On 3/24/2011 2:41 PM, Barry Warsaw wrote:
On Mar 24, 2011, at 05:10 PM, Steffen Daode Nurpmeso wrote:
It would be great if the message (file) size would also be
provided as a public method, so that code-flow decisions can be
made dependend upon the plain size of a message.
(The size is known without parsing for many real-life message
objects anyway or can be detected *cheap*. True, e.g., for
all Message objects which are created by mailbox.py.)
Certainly the normal FeedParser will see every byte of the message, even if it
does save parts of it on disk. Mailman 3's LMTP server also sees every byte
and tucks the size away on an .original_size attribute of its Message
subclass.
But how would you handle it when you are creating the message yourself? I
think there are too many places you'd have to hook to get an accurate reading,
or you'd have to essentially serialize it via a generator before you'd know,
so it's less than helpful.
It may indeed be possible to ask some external process what the size of the
message is, but it would likely be a hint you couldn't necessarily trust.
(I.e. the server might only have an approximate size.)
So, I'm not sure whether the email package can have a consistent notion of a
message's 'size'. Perhaps though it ought to define an attribute for when the
message is created by a parser, but let it be writable so that e.g. your
application could get it from an IMAP server or whatever, and stick it in the
attribute.
When created by a parser, it could have the notion of size-seen-so-far,
or bytes-fed. Once the whole message has been processed, the size of
the message would be known, as well as of each piece.
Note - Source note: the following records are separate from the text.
(* For $n\ge 6$ consider partitions of $n$ with parts $q_1\ge q_2\ge\dots\ge q_h$ such that $h\ge 4$, $q_j-q_{j+1}\in\{0,1\}$ for all $1\le j<h$, $q_1=q_2$, and $q_{h-2}=3$, $q_{h-1}=2$, $q_h=1$. Let $e'(n)$ (resp. $o'(n)$) be the number of such partitions with an even (resp. odd) number $h$ of parts. For an integer $t$ put $P_1(t)=\tfrac12(3t^2+t+4)$, $P_2(t)=\tfrac12(3(t+1)^2-t-1)$, $P_3(t)=\tfrac12(3(t+1)^2-t+3)$, $P_4(t)=\tfrac12(3(t+1)^2+t+1)$. Then for every integer $n\ge 6$: (a) $e'(n)=o'(n)$ if $n\notin\{P_1(t),P_2(t),P_3(t),P_4(t)\}$ for every integer $t\ge 2$; (b) $e'(n)=o'(n)+1$ if $n=P_1(t)$ or $n=P_4(t)$ for some integer $t\ge 2$; (c) $e'(n)=o'(n)-1$ if $n=P_2(t)$ or $n=P_3(t)$ for some integer $t\ge 2$. *)

From mathcomp Require Import all_boot.
Set Implicit Arguments. Unset Strict Implicit. Unset Printing Implicit Defensive.

Definition step01 (a b : nat) : bool := (b <= a) && (a <= b.+1).

Definition valid_part (n : nat) (s : seq nat) : bool :=
  [&& 4 <= size s,
      sumn s == n,
      sorted step01 s,
      nth 0 s 0 == nth 0 s 1 &
      drop (size s - 3) s == [:: 3; 2; 1]].

(* Every such partition has h <= n parts, each part in 1..n, so it is
   represented by an h.-tuple of 'I_n.+1 with h < n.+1. *)
Definition num_parts_with (n : nat) (P : nat -> bool) : nat :=
  \sum_(h < n.+1 | P h) #|[pred t : h.-tuple 'I_n.+1 | valid_part n (map val t)]|.

Definition e' (n : nat) : nat := num_parts_with n (fun h => ~~ odd h).
Definition o' (n : nat) : nat := num_parts_with n odd.

(* the P_i(t) are always integers (numerators even) *)
Definition P1 (t : nat) : nat := (3 * t ^ 2 + t + 4) %/ 2.
Definition P2 (t : nat) : nat := (3 * (t + 1) ^ 2 - t - 1) %/ 2.
Definition P3 (t : nat) : nat := (3 * (t + 1) ^ 2 - t + 3) %/ 2.
Definition P4 (t : nat) : nat := (3 * (t + 1) ^ 2 + t + 1) %/ 2.

(* A partition whose parts are 1, 2, ..., b-1 once each and then b, b+1, ... with
   multiplicities w = [:: w_0; w_1; ...], all positive, is determined by w; the partitions
   counted by e'(n) and o'(n) are those with b = 3 whose largest part occurs at least twice,
   and they have sumn w + 2 parts.  Sign the sequences w by (-1)^(sumn w) and restrict to
   those whose last entry is at least b.  As in Franklin's proof of the pentagonal number
   theorem, the ones with last entry b and at least two entries are paired with opposite sign,
   by merging the last two entries and raising the first one, with the ones whose first entry
   is at least 2 and last entry exceeds b, except [:: b] and [:: b+1] of weights k(3k-1)/2 and
   k(3k+1)/2 for k = b; the ones with first entry 1 are, once it is dropped, the sequences for
   b + 1 with the opposite sign.  So the signed count for b is, up to the sign (-1)^b, the
   number of k >= b with m = k(3k-1)/2 minus the number with m = k(3k+1)/2.  For b = 3 the
   partitions of the corollary split into those whose largest part occurs at least three times
   (the signed count for n), those where it occurs exactly twice (merging the last two entries
   gives the signed count for n - 2), and 3 + 3 + 2 + 1 = 9; as pentagonal numbers of index at
   least 3 are never 2 apart, at most one of these terms survives. *)

From mathcomp Require Import all_boot all_algebra zify ring.
Import GRing.Theory.
Set Implicit Arguments. Unset Strict Implicit. Unset Printing Implicit Defensive.

Section BigBijection.

Variables (R : Type) (idx : R) (op : Monoid.com_law idx) (I J : eqType).
Variables (r1 : seq I) (r2 : seq J) (P : pred I) (Q : pred J).

Lemma big_seq_bij (phi : I -> J) (F : I -> R) (G : J -> R) :
    uniq r1 -> uniq r2 -> {subset P <= r1} -> {subset Q <= r2} ->
    {in P &, injective phi} -> (forall s, P s -> Q (phi s)) ->
    (forall t, Q t -> exists2 s, P s & phi s = t) ->
    (forall s, P s -> G (phi s) = F s) ->
  \big[op/idx]_(s <- r1 | P s) F s = \big[op/idx]_(t <- r2 | Q t) G t.
Proof.
move=> r1_uniq r2_uniq P_r1 Q_r2 phi_inj PQ QP GF.
rewrite -big_filter -[RHS]big_filter.
rewrite (eq_big_seq (G \o phi)) => [|s]; last by rewrite mem_filter => /andP[/GF].
rewrite -(big_map phi xpredT G); apply/perm_big/uniq_perm.
- rewrite map_inj_in_uniq ?filter_uniq // => s1 s2.
  by rewrite !mem_filter => /andP[Ps1 _] /andP[Ps2 _]; apply: phi_inj.
- by rewrite filter_uniq.
move=> t; rewrite mem_filter; apply/mapP/andP => [[s]|[/QP[s Ps <-] _]].
  by rewrite mem_filter => /andP[/PQ Qs _] ->; rewrite Q_r2.
by exists s; rewrite // mem_filter Ps P_r1.
Qed.

Lemma big_seq_can (phi : I -> J) (psi : J -> I) (F : I -> R) (G : J -> R) :
    uniq r1 -> uniq r2 -> {subset P <= r1} -> {subset Q <= r2} ->
    (forall s, P s -> Q (phi s)) -> (forall s, P s -> psi (phi s) = s) ->
    (forall t, Q t -> P (psi t)) -> (forall t, Q t -> phi (psi t) = t) ->
    (forall s, P s -> G (phi s) = F s) ->
  \big[op/idx]_(s <- r1 | P s) F s = \big[op/idx]_(t <- r2 | Q t) G t.
Proof.
move=> r1_uniq r2_uniq P_r1 Q_r2 PQ phiK QP psiK.
apply: big_seq_bij => // [s1 s2 /phiK E1 /phiK E2 E12 | t Qt].
  by rewrite -E1 -E2 E12.
by exists (psi t); rewrite ?QP ?psiK.
Qed.

Lemma big_pred1_seq_if (F : I -> R) x :
    uniq r1 -> (P x -> x \in r1) ->
  \big[op/idx]_(s <- r1 | P s && (s == x)) F s = if P x then F x else idx.
Proof.
move=> r1_uniq; case Px: (P x) => x_r1; last first.
  by rewrite big_pred0 // => s; apply/negbTE; apply: contraFN Px => /andP[Ps /eqP <-].
rewrite (eq_bigl (pred1 x)); last by move=> s /=; case: (s =P x) => [->|]; rewrite ?Px ?andbF.
by rewrite -big_filter filter_pred1_uniq ?x_r1 // big_seq1.
Qed.

End BigBijection.

Arguments big_seq_bij {R idx op I J r1 r2 P Q} phi {F G}.
Arguments big_seq_can {R idx op I J r1 r2 P Q} phi psi {F G}.

Definition bounded_seqs (m : nat) : seq (seq nat) :=
  flatten [seq map (fun t : h.-tuple 'I_m.+1 => map val t) (enum {: h.-tuple 'I_m.+1})
          | h <- iota 0 m.+1].

Lemma bounded_seqs_uniq m : uniq (bounded_seqs m).
Proof.
rewrite /bounded_seqs; elim: (iota 0 m.+1) (iota_uniq 0 m.+1) => //= h hs IH.
case/andP=> /negP h_hs /IH hs_uniq; rewrite cat_uniq hs_uniq andbT.
rewrite map_inj_uniq ?enum_uniq => [|t1 t2 /(inj_map val_inj)/val_inj//].
apply/hasPn => s /flattenP[_ /mapP[h' h'_hs ->] /mapP[t' _ ->]].
apply/negP => /mapP[t _ /(congr1 size)]; rewrite !size_map !size_tuple => hh'.
by apply: h_hs; rewrite -hh'.
Qed.

Lemma mem_bounded_seqs m s : (s \in bounded_seqs m) = (size s <= m) && all (fun x => x <= m) s.
Proof.
apply/flattenP/andP => [[_ /mapP[h h_m ->] /mapP[t _ ->]]|[s_m s_le]].
  move: h_m; rewrite size_map size_tuple mem_iota ltnS => /andP[_ ->]; split=> //.
  by apply/allP => x /mapP[i _ ->]; rewrite -ltnS (valP i).
exists (map (fun t : (size s).-tuple 'I_m.+1 => map val t) (enum {: (size s).-tuple 'I_m.+1})).
  by apply/mapP; exists (size s); rewrite // mem_iota ltnS.
apply/mapP; exists (map_tuple (fun x => inord x : 'I_m.+1) (in_tuple s)); rewrite ?mem_enum //=.
by rewrite -map_comp -[LHS]map_id; apply/eq_in_map => x /(allP s_le) x_m /=; rewrite inordK.
Qed.

Lemma bounded_seqsP m s :
  all (fun x => 0 < x) s -> sumn s <= m -> s \in bounded_seqs m.
Proof.
move=> s_pos s_m; rewrite mem_bounded_seqs; apply/andP; split.
  by apply: leq_trans s_m; elim: s s_pos => //= x s IH /andP[x0 /IH]; lia.
apply/allP => x x_s; apply: leq_trans s_m.
by elim: s x_s {s_pos} => //= y s IH; rewrite inE => /orP[/eqP->|/IH]; lia.
Qed.

Section SignedCount.
Local Open Scope ring_scope.

Lemma e'_sub_o' n :
  (e' n)%:Z - (o' n)%:Z = \sum_(s <- bounded_seqs n | valid_part n s) (-1) ^+ size s.
Proof.
rewrite /bounded_seqs big_flatten big_map -[iota 0 n.+1]/(index_iota 0 n.+1) big_mkord.
under eq_bigr => h _.
  rewrite big_map big_enum_cond /= (eq_bigr (fun=> (-1) ^+ h)) => [|t _]; last first.
    by rewrite size_tuple.
  rewrite sumr_const -signr_odd.
over.
rewrite (bigID (fun h : 'I_n.+1 => odd h)) /= addrC /e' /o' /num_parts_with.
rewrite !(big_morph Posz PoszD (erefl 0%:Z)) -sumrN.
congr (_ + _); apply: eq_bigr => h; [move=> /negbTE|] => ->.
  by rewrite natz.
by rewrite mulNrn natz.
Qed.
Incomplete messages, such as those from IMAP servers for which only
partial requests have been made for pieces, could only get the concept
of "total size" from the server, if it provides it. Since POP servers
do, I think IMAP would also, but I'm not an IMAP expert.
It's also so unfortunate that 'headersonly' of Parser is in fact treated as
"a backwards compatibility hack", effectively consuming the entire input
nonetheless. And *DesignThoughts* treats lazy parsing/partial loading as an
"interesting idea" only, though i can think about many cases where it is a
good thing to parse a Message{Headers[/Part/Part/Part...]} sequentially.
E.g., why should a spam detector load an entire message if it only wants to
check addresses against some white-/blacklists and simply throw away bad
hits. Even more, why should a companies dispatcher read all the content if
it's only about to rewrite addresses and dispatch the mail to some other
internal server. (Of course - hey, it's you, you know *such* more about this
stuff than i do.)
Do you have suggestions for how the email package can help with these use
cases? Do you have specific API or implementation proposals?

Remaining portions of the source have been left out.